Lemma mulmx_tr_eq0S (F : fieldType) m1 m2 n (M : 'M[F]_(m1, n)) (N : 'M[F]_(m2, n))
    (x : 'rV[F]_n) :
  (M <= N)%MS -> x *m N^T = 0 -> x *m M^T = 0.
Proof. by case/submxP=> D -> xN0; rewrite trmx_mul mulmxA xN0 mul0mx. Qed.

Local Notation re_mx := (map_mx (fun z => 'Re z)).
Local Notation im_mx := (map_mx (fun z => 'Im z)).

Section BilinearForm.
Variable C : numClosedFieldType.

Lemma bdotC n (z w : 'rV[C]_n) : bdot z w = bdot w z.
Proof. by rewrite /bdot -[z *m w^T]trmxK trmx_mul trmxK mxE. Qed.

Lemma bdotDl n (z1 z2 w : 'rV[C]_n) : bdot (z1 + z2) w = bdot z1 w + bdot z2 w.
Proof. by rewrite /bdot mulmxDl mxE. Qed.

Lemma bdotDr n (z w1 w2 : 'rV[C]_n) : bdot z (w1 + w2) = bdot z w1 + bdot z w2.
Proof. by rewrite bdotC bdotDl !(bdotC _ z). Qed.

Lemma bdotNl n (z w : 'rV[C]_n) : bdot (- z) w = - bdot z w.
Proof. by rewrite /bdot mulNmx mxE. Qed.

Lemma bdotZl n a (z w : 'rV[C]_n) : bdot (a *: z) w = a * bdot z w.
Proof. by rewrite /bdot -scalemxAl mxE. Qed.

Lemma bdotZr n a (z w : 'rV[C]_n) : bdot z (a *: w) = a * bdot z w.
Proof. by rewrite bdotC bdotZl bdotC. Qed.

Lemma bdot0l n (w : 'rV[C]_n) : bdot (0 : 'rV[C]_n) w = 0.
Proof. by rewrite /bdot mul0mx mxE. Qed.

Lemma bdot_mull m n (u : 'rV[C]_m) (M : 'M[C]_(m, n)) (w : 'rV[C]_n) :
  bdot (u *m M) w = bdot u (w *m M^T).
Proof. by rewrite /bdot trmx_mul trmxK mulmxA. Qed.

Lemma bdot_delta n (j : 'I_n) (w : 'rV[C]_n) : bdot (delta_mx 0 j) w = w 0 j.
Proof. by rewrite /bdot -rowE !mxE. Qed.

Lemma conjv_bdot n (z w : 'rV[C]_n) : bdot (conjv z) (conjv w) = (bdot z w)^*.
Proof. by rewrite /bdot /conjv map_trmx -map_mxM mxE. Qed.

Lemma bdot_conjv_eq0 n (w : 'rV[C]_n) : bdot w (conjv w) = 0 -> w = 0.
Proof.
rewrite /bdot mxE; under eq_bigr do rewrite !mxE.
move=> /psumr_eq0P w0; apply/matrixP => i j; rewrite (ord1 i) mxE.
by apply/eqP; rewrite -mul_conjC_eq0; apply/eqP/w0 => // k _; apply: mul_conjC_ge0.
Qed.

Lemma sub_kermx_trP m n (M : 'M[C]_(m, n)) (w : 'rV[C]_n) :
  reflect (forall u : 'rV_m, bdot (u *m M) w = 0) (w <= kermx M^T)%MS.
Proof.
apply: (iffP sub_kermxP) => [wM0 u | wM0]; first by rewrite bdot_mull wM0 bdotC bdot0l.
apply/matrixP => i j; have := wM0 (delta_mx 0 j).
by rewrite bdot_mull bdot_delta (ord1 i) => ->; rewrite mxE.
Qed.

Lemma sigma_row_mx d (x1 e1 x2 e2 : 'rV[C]_d) :
  sigma (row_mx x1 e1) (row_mx x2 e2) = bdot x2 e1 - bdot x1 e2.
Proof. by rewrite /sigma !row_mxKl !row_mxKr. Qed.

Lemma conjvK m n (M : 'M[C]_(m, n)) : conjv (conjv M) = M.
Proof. by apply/matrixP => i j; rewrite !mxE conjCK. Qed.

Lemma conjvD m n (M N : 'M[C]_(m, n)) : conjv (M + N) = conjv M + conjv N.
Proof. exact: map_mxD. Qed.

Lemma conjvB m n (M N : 'M[C]_(m, n)) : conjv (M - N) = conjv M - conjv N.
Proof. exact: map_mxB. Qed.

Lemma conjvZ m n a (M : 'M[C]_(m, n)) : conjv (a *: M) = a^* *: conjv M.
Proof. exact: map_mxZ. Qed.

Lemma conjv_row_mx m n1 n2 (M : 'M[C]_(m, n1)) (N : 'M[C]_(m, n2)) :
  conjv (row_mx M N) = row_mx (conjv M) (conjv N).
Proof. exact: map_row_mx. Qed.

Lemma conjv_id m n (M : 'M[C]_(m, n)) : is_real_mx M -> conjv M = M.
Proof. by move=> Mreal; apply/matrixP => i j; rewrite mxE conj_Creal. Qed.

(* [t := 'i * b^* / (1 + h)] makes the expression negative unless [b = 0]. *)
Lemma cross_term_eq0 (b h : C) :
  0 <= h -> (forall t, 0 <= 'i * (t * b - (t * b)^*) + t * t^* * h) -> b = 0.
Proof.
move=> h_ge0 pos; have [//|b0] := eqVneq b 0; exfalso.
set s := (1 + h)^-1.
have s_gt0 : 0 < s by rewrite invr_gt0 ltr_wpDr.
have sh_lt2 : s * h < 2%:R.
  apply: (@le_lt_trans _ _ 1); last by rewrite ltr1n.
  by rewrite /s mulrC ler_pdivrMr ?ltr_wpDr // mul1r lerDr.
have bb_gt0 : 0 < b * b^* by rewrite mul_conjC_gt0.
have := pos ('i * b^* * s).
have -> : 'i * ('i * b^* * s * b - ('i * b^* * s * b)^*)
          + 'i * b^* * s * ('i * b^* * s)^* * h = s * (b * b^*) * (s * h - 2%:R).
  have sr : s^* = s by apply/conj_Creal/gtr0_real.
  have ii : 'i * 'i = -1 :> C by rewrite -expr2 sqrCi.
  rewrite !rmorphM /= conjCi conjCK sr; ring: ii.
by rewrite (pmulr_rge0 _ (mulr_gt0 s_gt0 bb_gt0)) subr_ge0 => /(lt_le_trans sh_lt2); rewrite ltxx.
Qed.

Lemma re_mxE m n (M : 'M[C]_(m, n)) : re_mx M = 2%:R^-1 *: (M + conjv M).
Proof. by apply/matrixP => i j; rewrite !mxE ReE mulrC. Qed.

Lemma im_mxE m n (M : 'M[C]_(m, n)) : im_mx M = ('i / 2%:R) *: (conjv M - M).
Proof. by apply/matrixP => i j; rewrite !mxE ImE; ring. Qed.

Lemma bdot_re_im_eq0 n (y v : 'rV[C]_n) :
  conjv v = v -> bdot y v = 0 -> bdot (re_mx y) v = 0 /\ bdot (im_mx y) v = 0.
Proof.
move=> vreal yv0.
have cyv0 : bdot (conjv y) v = 0 by rewrite -vreal conjv_bdot yv0 conjC0.
by rewrite re_mxE im_mxE !bdotZl !bdotDl bdotNl yv0 cyv0 oppr0 !addr0 !mulr0.
Qed.

Lemma re_im_col_mx_eqmx m n (M : 'M[C]_(m, n)) :
  (conjv M <= M)%MS -> (col_mx (re_mx M) (im_mx M) == M)%MS.
Proof.
move=> sMM; apply/andP; split.
  by rewrite col_mx_sub re_mxE im_mxE !scalemx_sub // ?addmx_sub ?eqmx_opp.
have M_re_im : M = re_mx M + 'i *: im_mx M.
  by apply/matrixP => i j; rewrite !mxE -Crect.
rewrite [X in (X <= _)%MS]M_re_im addmx_sub ?scalemx_sub //; apply/submxP.
  by exists (row_mx 1%:M 0); rewrite mul_row_col mul1mx mul0mx addr0.
by exists (row_mx 0 1%:M); rewrite mul_row_col mul1mx mul0mx add0r.
Qed.

Lemma real_row_basis m n r (M : 'M[C]_(m, n)) :
  (conjv M <= M)%MS -> \rank M = r ->
  exists B : 'M[C]_(r, n), [/\ is_real_mx B, row_free B & (B == M)%MS].
Proof.
move=> sMM rkM; set G := col_mx (re_mx M) (im_mx M).
have GM : (G == M)%MS := re_im_col_mx_eqmx sMM.
have rkG : \rank G = r by rewrite (eqmx_rank GM).
exists (castmx (rkG, erefl n) (rowsub (maxrankfun G) G)); split.
- move=> i j; rewrite castmxE !mxE; case: split => k; rewrite mxE.
    exact: Creal_Re.
  exact: Creal_Im.
- by rewrite row_free_castmx maxrowsub_free.
- apply/eqmxP; apply: eqmx_trans (eqmx_cast _ _) _.
  by apply: eqmx_trans (eq_maxrowsub _) _; apply/eqmxP.
Qed.

Lemma qgrad_half_sym d (S : 'M[C]_d) (x : 'rV[C]_d) :
  S^T = S -> qgrad (2%:R^-1 *: S) x = x *m S.
Proof.
have half2 : 2%:R^-1 + 2%:R^-1 = 1 :> C by field.
by move=> Ssym; rewrite /qgrad linearZ /= Ssym -scalerDl half2 scale1r.
Qed.

End BilinearForm.

Section Lagrangian.
Variables (C : numClosedFieldType) (d : nat) (A : 'M[C]_(d + d)).
Hypothesis lagA : lagrangian A.

Definition fibre : 'M[C]_d := kermx (lambda1 A)^T.

Lemma lagrangian_sigma0 (X Y : 'rV[C]_(d + d)) :
  (X <= A)%MS -> (Y <= A)%MS -> sigma X Y = 0.
Proof. by move=> XA YA; apply: (proj1 (lagA Y)) YA X XA. Qed.

Lemma fibre_bdotP (xi : 'rV[C]_d) :
  reflect (forall Y, (Y <= A)%MS -> bdot (lsubmx Y) xi = 0) (xi <= fibre)%MS.
Proof.
apply: (iffP (sub_kermx_trP _ _)) => [xi0 _ /submxP[u ->] | xi0 u].
  by rewrite -mulmx_lsub xi0.
by rewrite /lambda1 mulmx_lsub xi0 ?submxMl.
Qed.

Lemma fibreP (xi : 'rV[C]_d) : (row_mx 0 xi <= A)%MS <-> (xi <= fibre)%MS.
Proof.
have sigma0 Y : sigma Y (row_mx 0 xi) = - bdot (lsubmx Y) xi.
  by rewrite -[Y]hsubmxK sigma_row_mx bdot0l sub0r row_mxKl.
split=> [xiA | /fibre_bdotP xi0].
  by apply/fibre_bdotP => Y YA; apply/eqP; rewrite -oppr_eq0 -sigma0 lagrangian_sigma0.
by apply/(proj2 (lagA _)) => Y YA; rewrite sigma0 xi0 ?oppr0.
Qed.

Lemma rank_fibre : \rank fibre = (d - \rank (lambda1 A))%N.
Proof. by rewrite mxrank_ker mxrank_tr. Qed.

Lemma sub_lambda1_fibre (w : 'rV[C]_d) : (w <= lambda1 A)%MS = (w *m fibre^T == 0).
Proof. by rewrite -sub_kermx (eqmxP (kermx_trK (lambda1 A))). Qed.

Lemma bdot_lambda1_fibre (w f : 'rV[C]_d) :
  (w <= lambda1 A)%MS -> (f <= fibre)%MS -> bdot w f = 0.
Proof. by case/submxP=> u -> /sub_kermx_trP; apply. Qed.

Section Positive.
Hypothesis posA : forall X : 'rV[C]_(d + d), (X <= A)%MS -> 0 <= 'i * sigma (conjv X) X.

Lemma fibre_conjv (xi : 'rV[C]_d) : (xi <= fibre)%MS -> (conjv xi <= fibre)%MS.
Proof.
move=> xiK; apply/fibre_bdotP => Y YA.
set x := lsubmx Y; set eta := rsubmx Y.
have XtA t : (row_mx (t *: x) (xi + t *: eta) <= A)%MS.
  have -> : row_mx (t *: x) (xi + t *: eta) = row_mx 0 xi + t *: Y.
    by rewrite -[in RHS](hsubmxK Y) scale_row_mx add_row_mx add0r.
  by rewrite addmx_sub ?scalemx_sub // (proj2 (fibreP xi)).
apply: (@cross_term_eq0 _ _ ('i * (bdot x (conjv eta) - bdot (conjv x) eta))).
  by have := posA YA; rewrite -(hsubmxK Y) conjv_row_mx sigma_row_mx.
move=> t; have := posA (XtA t).
rewrite conjv_row_mx conjvD !conjvZ sigma_row_mx !bdotZl !bdotDr !bdotZr.
rewrite -[xi in bdot (conjv x) xi]conjvK conjv_bdot rmorphM /=.
set b := bdot x (conjv xi); set c1 := bdot x (conjv eta); set c2 := bdot (conjv x) eta.
suff -> : 'i * (t * b - t^* * b^*) + t * t^* * ('i * (c1 - c2))
          = 'i * (t * (b + t^* * c1) - t^* * (b^* + t * c2)) by [].
ring.
Qed.

Lemma conjv_fibre_sub : (conjv fibre <= fibre)%MS.
Proof.
apply/row_subP => i; rewrite /conjv -map_row.
exact/fibre_conjv/row_sub.
Qed.

Lemma lambda1_conjv (w : 'rV[C]_d) :
  (w <= lambda1 A)%MS -> (conjv w <= lambda1 A)%MS.
Proof.
rewrite !sub_lambda1_fibre => /eqP wK0; apply/eqP.
have Ksub : (fibre <= conjv fibre)%MS.
  by rewrite -[fibre in (fibre <= _)%MS]conjvK map_submx conjv_fibre_sub.
apply: mulmx_tr_eq0S Ksub _.
have -> : conjv w *m (conjv fibre)^T = conjv (w *m fibre^T).
  by rewrite /conjv map_trmx -map_mxM.
by rewrite wK0 /conjv map_mx0.
Qed.

Lemma lambda1_fibre_eq0 (v : 'rV[C]_d) :
  (v <= lambda1 A)%MS -> (v <= fibre)%MS -> v = 0.
Proof. by move=> vW vK; apply/bdot_conjv_eq0/bdot_lambda1_fibre/fibre_conjv. Qed.

Lemma capmx_lambda1_fibre : (<<lambda1 A>> :&: fibre = 0)%MS.
Proof.
apply/eqP/rowV0P => v; rewrite sub_capmx genmxE => /andP[vW vK].
exact: lambda1_fibre_eq0.
Qed.

Lemma lambda1_fibre_full : row_full (<<lambda1 A>> + fibre)%MS.
Proof.
apply/eqP; have := mxrank_sum_cap <<lambda1 A>>%MS fibre.
by rewrite capmx_lambda1_fibre mxrank0 addn0 genmxE rank_fibre subnKC // rank_leq_col.
Qed.

Definition proj_lambda1 : 'M[C]_d := proj_mx <<lambda1 A>>%MS fibre.

Definition grad_mx : 'M[C]_d :=
  proj_lambda1 *m pinvmx (lambda1 A) *m rsubmx A *m proj_lambda1.

Definition rho_mx : 'M[C]_d := 2%:R^-1 *: grad_mx.

Lemma proj_lambda1_sub (x : 'rV[C]_d) : (x *m proj_lambda1 <= lambda1 A)%MS.
Proof. by rewrite (submx_trans (proj_mx_sub _ _ _)) ?genmxE. Qed.

Lemma proj_lambda1_compl (x : 'rV[C]_d) : (x - x *m proj_lambda1 <= fibre)%MS.
Proof. exact/proj_mx_compl_sub/submx_full/lambda1_fibre_full. Qed.

Lemma proj_lambda1_id (x : 'rV[C]_d) :
  (x <= lambda1 A)%MS -> x *m proj_lambda1 = x.
Proof. by move=> xW; apply: proj_mx_id; rewrite ?capmx_lambda1_fibre ?genmxE. Qed.

Lemma grad_mx_sub (x : 'rV[C]_d) : (x *m grad_mx <= lambda1 A)%MS.
Proof. by rewrite /grad_mx mulmxA proj_lambda1_sub. Qed.

Lemma row_mx_pinv_sub (w : 'rV[C]_d) :
  (w <= lambda1 A)%MS -> (row_mx w (w *m pinvmx (lambda1 A) *m rsubmx A) <= A)%MS.
Proof.
move=> wW; rewrite -[w in row_mx w _](mulmxKpV wW) /lambda1 -mul_mx_row hsubmxK.
exact: submxMl.
Qed.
....
**Work order**
Only lines holding the word "bdotZl" are wanted; copy each one from the listing.

**Reply**
Lemma bdotZl n a (z w : 'rV[C]_n) : bdot (a *: z) w = a * bdot z w.
Proof. by rewrite bdotC bdotZl bdotC. Qed.
by rewrite re_mxE im_mxE !bdotZl !bdotDl bdotNl yv0 cyv0 oppr0 !addr0 !mulr0.
rewrite conjv_row_mx conjvD !conjvZ sigma_row_mx !bdotZl !bdotDr !bdotZr.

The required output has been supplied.